In arguing for the precautionary principle, the greens urge us to take a 'risk-averse' approach to nature, which they portray as 'fragile' and potentially threatened by any technological changes. On the other hand, they are cavalier about the dangers their utopian political programs might pose to social order, despite indications that human social arrangements are at least as 'fragile'---if not more so---as natural environments, and evidence that social breakdown in modern nations quickly leads to ecological disaster as well.
One way of understanding the dangers of a 'risk averse' approach is to consider the harm that overprotective---or 'risk-averse'---parents can do.
By preventing their children from playing any demanding sports, or by forbidding them from ever going on unsupervised outings with their friends, parents may save their offspring from some hazards, but usually at the cost of stunting their long-term physical and emotional growth. Children from families who take a more balanced approach might run the risk of suffering the odd broken limb or brush with authority, but they will probably be better equipped to cope with the unpredictable crises they will encounter later in life.
The late Aaron Wildavsky, a social scientist who wrote much good sense about risk, liked to point out that we live in a world in which safety and danger are inextricably intertwined. Under certain conditions things which benefit our lives can also destroy them---the electricity which powers our homes and workplaces can electrocute, and the fire which cooks our food or warms our bodies can also incinerate.
Had our distant forebears taken the precautionary principle to heart we would have walked away from every technological advance starting with the domestication of fire, and we would still be living like our primate cousins.

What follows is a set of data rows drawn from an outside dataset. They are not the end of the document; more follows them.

Lemma pairing_proper G G' a : G `<=` G' -> pairing_dom G' a -> ~ pairing_dom G a ->
  G `<` G'.
Proof.
move=> GG' [b G'b] nGa; apply: (proper_witness GG' G'b).
by move=> Gb; apply: nGa; exists b.
Qed.

Lemma exists_infinite_pairing :
  infinite_set K -> exists2 G, pairing G & infinite_set (pairing_dom G).
Proof.
move=> Kinf; have [v0 _] := infinite_setN0 Kinf.
have [nu [nuK nuinj]] := inj_of_card_le v0 ((infiniteP K).1 Kinf).
have natK : [set: nat] #<= range nu.
  by apply: (@card_le_inj _ _ _ _ nu) => [n _|m n _ _ /nuinj]; [exists n|apply].
have dom0 : pairing_dom set0 = set0 by apply/seteqP; split=> // a [].
have nuX : range nu `*` range nu #<= range nu `\` pairing_dom set0.
  rewrite dom0 setD0.
  apply: (card_le_trans (card_le_setX (card_image_le nu setT) (card_image_le nu setT))).
  by rewrite setXTT; exact: card_le_trans (countableP _) natK.
have [G PG [_ domG]] : exists2 G, pairing G &
    set0 `<=` G /\ pairing_dom G = range nu.
  apply: pairing_extend nuX; last by move=> _ [n _ <-]; exact: nuK.
    by split=> //; rewrite dom0.
  by rewrite dom0.
by exists G => //; rewrite domG; exact/infiniteP.
Qed.

Lemma maximal_pairing_card {G} : pairing G -> infinite_set (pairing_dom G) ->
  (forall G', G `<` G' -> ~ pairing G') -> K #<= pairing_dom G.
Proof.
move=> PG Ainf Gmax; set A := pairing_dom G; have [a Aa] := infinite_setN0 Ainf.
have AK : A `<=` K by case: PG.
have AUA B : B #<= A -> A `|` B #<= A.
  exact: card_setU_le_of_setX Ainf (pairing_card PG) (card_lexx A).
have [KA|AKA] := card_le_total (K `\` A) A.
  apply: card_le_trans (AUA _ KA); apply: subset_card_le => x Kx.
  by have [Ax|nAx] := pselect (A x); [left|right].
exfalso; have [j [jK jinj]] := inj_of_card_le a AKA.
pose C := j @` A.
have CKA : C `<=` K `\` A by move=> _ [a' Aa' <-]; exact: jK.
have AC : A #<= C by apply: (@card_le_inj _ _ _ _ j) => [a' Aa'|]; [exists a'|].
have ACC : (A `|` C) `*` (A `|` C) #<= (A `|` C) `\` A.
  have ACA := AUA _ (card_image_le j A).
  apply: card_le_trans (card_le_setX ACA ACA) _.
  apply: card_le_trans (pairing_card PG) (card_le_trans AC (subset_card_le _)).
  by move=> c Cc; split; [right|have [] := CKA _ Cc].
have [G' PG' [GG' domG']] : exists2 G', pairing G' &
    G `<=` G' /\ pairing_dom G' = A `|` C.
  by apply: pairing_extend ACC => // x [/AK|/CKA []].
apply: (Gmax G') => //; apply: (@pairing_proper _ _ (j a)) => //.
  by rewrite domG'; right; exists a.
by have [] := CKA (j a) (ex_intro2 _ _ a Aa erefl).
Qed.

End Pairing.

Theorem card_setX_le {V} {K : set V} : infinite_set K -> K `*` K #<= K.
Proof.
move=> Kinf; have [G0 PG0 G0inf] := exists_infinite_pairing K Kinf.
(* [G = set0] is allowed since it is the union of the empty chain. *)
pose P (G : set ((V * V) * V)) :=
  pairing K G /\ (G = set0 \/ infinite_set (pairing_dom G)).
have [G [[PG Ginf] Gmax]] : exists G, P G /\ forall G', G `<` G' -> ~ P G'.
  apply: Zorn_bigcup => Fs FsP Ftot; split.
    by apply: pairing_bigcup Ftot => G /FsP[].
  have [[G FG [t Gt]]|allE] := pselect (exists2 G, Fs G & G !=set0); last first.
    left; apply/seteqP; split=> // t [G FG Gt].
    by apply: allE; exists G => //; exists t.
  right; have [_ [Gnil|Ginf]] := FsP _ FG; first by rewrite Gnil in Gt.
  by apply: sub_infinite_set Ginf; apply: pairing_domS => u Gu; exists G.
have {}Ginf : infinite_set (pairing_dom G).
  case: Ginf => // Gnil; have [a [b G0b]] := infinite_setN0 G0inf.
  case: (Gmax G0); last by split=> //; right.
  by rewrite Gnil; apply: (@pairing_proper _ _ _ a) => //; [exists b|case].
have KG : K #<= pairing_dom G.
  apply: (maximal_pairing_card K PG Ginf) => G' GG' PG'; apply: (Gmax G' GG').
  by split=> //; right; exact: sub_infinite_set (pairing_domS (properW GG')) Ginf.
apply: card_le_trans (card_le_setX KG KG) _.
apply: card_le_trans (pairing_card K PG) (subset_card_le _).
by case: PG.
Qed.

Lemma card_setU_le {U V} {S : set V} {A B : set U} :
  infinite_set S -> A #<= S -> B #<= S -> A `|` B #<= S.
Proof. by move=> Sinf; apply: (card_setU_le_of_setX Sinf (card_setX_le Sinf)). Qed.

Lemma card_image_factor_le {W U1 U2} (D : set W) (g : W -> U1) (phi : W -> U2) :
  (forall w w', D w -> D w' -> phi w = phi w' -> g w = g w') ->
  g @` D #<= phi @` D.
Proof.
move=> gphi; have [[w0 _]|/nonemptyPn ->] := pselect (D !=set0); last first.
  by rewrite image_set0; exact: card_ge0.
have [pre preP] := partial_choice w0 (fun h w => D w /\ g w = h).
have pre_g h : (g @` D) h -> D (pre h) /\ g (pre h) = h.
  by move=> [w Dw <-]; apply: preP; exists w.
apply: (@card_le_inj _ _ _ _ (phi \o pre)) => [h /pre_g[Dh _]|h h'].
  by exists (pre h).
move=> /pre_g[Dh gh] /pre_g[Dh' gh'] /= e.
by rewrite -gh -gh' (gphi _ _ Dh Dh' e).
Qed.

Greens invoke the precautionary principle in order to shift the burden of proof onto the proponents of new technology, who are told they must demonstrate that their projects will not cause any harm before they are allowed to go ahead.
This is an impossible demand, which ensures that any developer who proposes something that greens don't like can invariably be stymied, just as Humpty Dumpty continually wrong-footed Alice. Ronald Bailey, an American commentator on environmental issues, recently wrote about his conversation with a prominent bioethicist and supporter of the precautionary principle who gleefully told him 'whoever has the burden of proof loses'.
There is only one sensible way of dealing with the unavoidable environmental and other uncertainties that we will always have to confront. We should take a hint from nature, and realise that a species' ability to survive unexpected crises stems from its resilience.
Human resilience is strengthened by strategies which encourage a reasonable amount of trial and error and by developments which increase our wealth. Third World countries clearly demonstrate that wealthy societies are in a far better position than poor societies to promote human and environmental health.
Yes, we will make some mistakes, as we have in the past. But the lessons we learn from these mistakes expand our knowledge, ingenuity and control over resources. This increases our chances of coping successfully with the really dangerous, but unknowable threats to the environment that humans are certain to face in the future. Following the precautionary principle would be the greatest risk of all.